Early Medieval art is a bizarre and fragmented concept. As Constantinople developed its formal
Byzantine styles, some thing wilder used to be occurring in Europe. Spanning seven-hundred
years and encompassing the dark ages, the upward shove and fall of the Frankish Empire, and the
nearly whole takeover of Western art by means of the Christian church, it’s feasible to divide
Early Medieval art into many regional sub-movements. Migration art describes the work of the
Gauls and Visigoths who settled in the fragments of the Roman empire, Insular artwork grew in
Britain and Ireland after the Roman occupation ended, and Carolingian artwork delivered a
revival of classical patterns that developed into the vigourous illumination and structure of the
Romanesque style.

But for our purposes we appear at Early Medieval as a whole, because it traces again to a
frequent theme. In the political upheaval after the fall of Rome, society needed an anchor, and it
landed on the swiftly growing Christian church. Throughout Europe, Christianity was once able
to move political boundaries and received a big foothold. Churches sprang up as cultural centers,
and between 430 and 570 Christian clerics delivered the Rule of St. Augustine to Europe,
organising a monastic class devoted to education, art, and public service.
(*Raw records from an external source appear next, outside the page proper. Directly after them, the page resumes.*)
(* $$\sum_{k=1}^\infty\frac{(15k^2-124k-40)8^k}{(4k+1)\binom{4k}k}=30-\frac32\pi.$$ *)

From Stdlib Require Import Reals.
From Coquelicot Require Import Coquelicot.
Open Scope R_scope.

Definition term (k : nat) : R :=
  (15 * (INR k)^2 - 124 * INR k - 40) * 8 ^ k
  / ((4 * INR k + 1) * Binomial.C (4 * k) k).

(* Since 1 / ((4k+1) C(4k,k)) = k! (3k)! / (4k+1)! is the Beta integral of
   x^(3k) (1-x)^k over [0,1], the k-th summand is the integral over [0,1] of
   p(k) y^k, where p(k) = 15k^2 - 124k - 40 and y = 8x^3(1-x) <= 27/32.
   The tails of the power series sum_k p(k) y^k are rational in y, so the
   n-th partial sum is the integral of a fixed rational function of x minus a
   remainder of size O(n^2 (27/32)^n). That fixed function is the derivative of
   a rational function, contributing 30, minus 3/2 times the derivative of the
   argument of (2x^2 - 1) + i (2x^2 - 2x), which turns by exactly pi on [0,1]. *)

From Stdlib Require Import Reals Lra Lia Factorial.
From Coquelicot Require Import Coquelicot.
Open Scope R_scope.

(* Coquelicot states equalities in the carrier of an abstract normed module;
   [ring] and [field] only recognise them at type [R]. *)
Ltac real_eq := match goal with |- ?l = ?r => change (l = r :> R) end.

Lemma INR_fact_S n : INR (fact (S n)) = (INR n + 1) * INR (fact n).
Proof. rewrite fact_simpl, mult_INR, S_INR. reflexivity. Qed.

Lemma INR_fact_neq_0 n : INR (fact n) <> 0.
Proof. apply not_0_INR, fact_neq_0. Qed.

Lemma is_RInt_beta b : forall a,
  is_RInt (fun x => x ^ a * (1 - x) ^ b) 0 1
    (INR (fact a) * INR (fact b) / INR (fact (a + b + 1))).
Proof.
  induction b as [|b IH]; intros a.
  - replace (INR (fact a) * INR (fact 0) / INR (fact (a + 0 + 1)))
      with (1 ^ S a / INR (S a) - 0 ^ S a / INR (S a)).
    + apply (is_RInt_ext (fun x => x ^ a)); [intros x _; simpl; ring | apply is_RInt_pow].
    + replace (a + 0 + 1)%nat with (S a) by lia.
      rewrite pow1, pow_i, INR_fact_S, S_INR by lia; simpl.
      pose proof (INR_fact_neq_0 a); pose proof (pos_INR a).
      field; split; lra.
  - (* x^a (1-x)^(b+1) = x^a (1-x)^b - x^(a+1) (1-x)^b *)
    replace (INR (fact a) * INR (fact (S b)) / INR (fact (a + S b + 1)))
      with (INR (fact a) * INR (fact b) / INR (fact (a + b + 1))
            - INR (fact (S a)) * INR (fact b) / INR (fact (S a + b + 1))).
    + eapply is_RInt_ext; [|exact (is_RInt_minus _ _ _ _ _ _ (IH a) (IH (S a)))].
      intros x _. change (minus ?u ?v) with (u - v). simpl. ring.
    + replace (S a + b + 1)%nat with (S (a + b + 1)) by lia.
      replace (a + S b + 1)%nat with (S (a + b + 1)) by lia.
      rewrite !INR_fact_S, !plus_INR. simpl INR.
      pose proof (INR_fact_neq_0 a); pose proof (INR_fact_neq_0 b);
        pose proof (INR_fact_neq_0 (a + b + 1)); pose proof (pos_INR a); pose proof (pos_INR b).
      field; repeat split; lra.
Qed.

Lemma is_RInt_sum_n (f : nat -> R -> R) (If : nat -> R) a b n :
  (forall k, is_RInt (f k) a b (If k)) ->
  is_RInt (fun x => sum_n (fun k => f k x) n) a b (sum_n If n).
Proof.
  intros Hf. induction n as [|n IH].
  - rewrite sum_O. eapply is_RInt_ext; [|exact (Hf O)]. intros x _. now rewrite sum_O.
  - rewrite sum_Sn. eapply is_RInt_ext; [|exact (is_RInt_plus _ _ _ _ _ _ IH (Hf (S n)))].
    intros x _. now rewrite sum_Sn.
Qed.

Lemma is_derive_atan_div (u v : R -> R) x du dv :
  is_derive u x du -> is_derive v x dv -> v x <> 0 ->
  is_derive (fun t => atan (u t / v t)) x ((du * v x - u x * dv) / (u x ^ 2 + v x ^ 2)).
Proof.
  intros Hu Hv Hvx.
  replace ((du * v x - u x * dv) / (u x ^ 2 + v x ^ 2))
    with (scal ((du * v x - u x * dv) / v x ^ 2) (/ (1 + (u x / v x)²))).
  - exact (is_derive_comp atan _ x _ _ (is_derive_atan _) (is_derive_div _ _ _ _ _ Hu Hv Hvx)).
  - change (scal ?a ?b) with (a * b). real_eq. unfold Rsqr. field.
    split; [|exact Hvx]. pose proof (pow2_ge_0 (u x)); pose proof (pow2_gt_0 _ Hvx). lra.
Qed.

Lemma atan_2_add_atan_3 : atan 2 + atan 3 = 3 * PI / 4.
Proof.
  pose proof (atan_inv 2 ltac:(lra)); pose proof (atan_inv 3 ltac:(lra)).
  pose proof Machin_2_3. lra.
Qed.

Lemma is_lim_seq_sq_mul_pow r : 0 < r < 1 -> is_lim_seq (fun n => (INR n + 1) ^ 2 * r ^ n) 0.
Proof.
  intros Hr. set (c n := (INR n + 1) ^ 2 * r ^ n).
  assert (Hpos : forall n, 0 < c n).
  { intros n. pose proof (pos_INR n). apply Rmult_lt_0_compat; [nra | apply pow_lt; lra]. }
  assert (Hinv : is_lim_seq (fun n => / (INR n + 1)) 0).
  { assert (H := proj1 (is_lim_seq_incr_1 _ _) is_lim_seq_INR).
    apply (is_lim_seq_ext _ _ _ (fun n => f_equal Rinv (S_INR n))), (is_lim_seq_inv _ _ H);
      discriminate. }
  assert (Hratio : is_lim_seq (fun n => Rabs (c (S n) / c n)) r).
  { assert (H1 := is_lim_seq_plus' _ _ _ _ (is_lim_seq_const 1) Hinv).
    replace r with ((1 + 0) * (1 + 0) * r) at 1 by ring.
    eapply is_lim_seq_ext;
      [|exact (is_lim_seq_mult' _ _ _ _ (is_lim_seq_mult' _ _ _ _ H1 H1) (is_lim_seq_const r))].
    intros n. rewrite Rabs_pos_eq by (apply Rlt_le, Rdiv_lt_0_compat; apply Hpos).
    unfold c. rewrite S_INR. pose proof (pos_INR n). pose proof (pow_lt r n ltac:(lra)).
    simpl pow. field. lra. }
  assert (Hlim := ex_series_lim_0 _ (ex_series_DAlembert c r ltac:(lra)
                                       (fun n => Rgt_not_eq _ _ (Hpos n)) Hratio)).
  eapply is_lim_seq_ext; [|exact Hlim]. intros n. apply Rabs_pos_eq, Rlt_le, Hpos.
Qed.

Lemma is_lim_seq_of_Rabs_sub_le (u b : nat -> R) (l : R) :
  (forall n, Rabs (l - u n) <= b n) -> is_lim_seq b 0 -> is_lim_seq u l.
Proof.
  intros Hub Hb. apply (is_lim_seq_le_le (fun n => l - b n) u (fun n => l + b n)).
  - intros n. pose proof (Hub n) as H. apply Rabs_le_between in H. lra.
  - replace (Finite l) with (Finite (l - 0)) by (f_equal; ring).
    exact (is_lim_seq_minus' _ _ _ _ (is_lim_seq_const l) Hb).
  - replace (Finite l) with (Finite (l + 0)) by (f_equal; ring).
    exact (is_lim_seq_plus' _ _ _ _ (is_lim_seq_const l) Hb).
Qed.

Definition numer (m : R) : R := 15 * m ^ 2 - 124 * m - 40.

Definition kern (x : R) : R := 8 * x ^ 3 * (1 - x).

Lemma term_eq_beta k :
  term k = numer (INR k) * 8 ^ k * (INR (fact (3 * k)) * INR (fact k) / INR (fact (3 * k + k + 1))).
Proof.
  unfold term, Binomial.C, numer.
  replace (4 * k - k)%nat with (3 * k)%nat by lia.
  replace (3 * k + k + 1)%nat with (S (4 * k)) by lia.
  rewrite INR_fact_S, mult_INR. simpl (INR 4).
  pose proof (INR_fact_neq_0 k); pose proof (INR_fact_neq_0 (3 * k));
    pose proof (INR_fact_neq_0 (4 * k)); pose proof (pos_INR k).
  field; repeat split; lra.
Qed.

Lemma is_RInt_term k : is_RInt (fun x => numer (INR k) * kern x ^ k) 0 1 (term k).
Proof.
  rewrite term_eq_beta.
  eapply is_RInt_ext;
    [|exact (is_RInt_scal _ _ _ (numer (INR k) * 8 ^ k) _ (is_RInt_beta k (3 * k)))].
  intros x _. change (scal ?u ?v) with (u * v). real_eq.
  unfold kern. rewrite !Rpow_mult_distr, <- pow_mult. ring.
Qed.

Definition tail_poly (m y : R) : R :=
  numer m * (1 - y) ^ 2 + (30 * m - 124) * y * (1 - y) + 15 * y * (1 + y).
By a thousand CE, the Christian church was once a hub for science, art and culture.
Monks and nuns taught lay human beings how to study and write and preserved historic
literature, inclusive of works through Ovid and Aristotle. 11th century abbess Hildegard of
Bingen wrote scientific texts and composed music, and abbess Herrad of Landsberg compiled the
first female-authored encyclopedia, which includes Islamic writings alongside the Greek classics.

d. Renaissance Period

Renaissance, a huge cultural movement that swept through Europe, and evolved
extraordinarily in France, Spain and Northern Europe. For the first time in centuries, art used to
be partly divorced from the church, and while non secular commissions continued, artists and
writers started out to seem lower back to classical antiquity. Wealthy buyers had been
immortalized in lavish portraits, and works like Botticelli's Birth of Venus sparked a renewed
interests in Greek and Roman mythology and values.